DATA FOR THIS TASK below:

Theorem proposition29 (RR : realType) (R : comPzRingType) (le : R -> R -> Prop)
  (Hpo : po_comring le) (Harch : archimedean le) (Hloc : localizable le)
  (q : R) (Hq : Loc le q) :
  @dense_in_K R le RR (@O_q_lt_infty R le RR q).
Proof.
move=> phi Kphi n a V oV Va.
exact: (O_q_lt_infty_meets_nbhd Hpo Harch Hq Kphi oV Va).
Qed.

End of DATA FOR THIS TASK.

» **ASSIGNMENT**
Lines above that include the string "Kphi" need to be copied.

» **ANSWER BOX**
move=> phi Kphi n a V oV Va.
exact: (O_q_lt_infty_meets_nbhd Hpo Harch Hq Kphi oV Va).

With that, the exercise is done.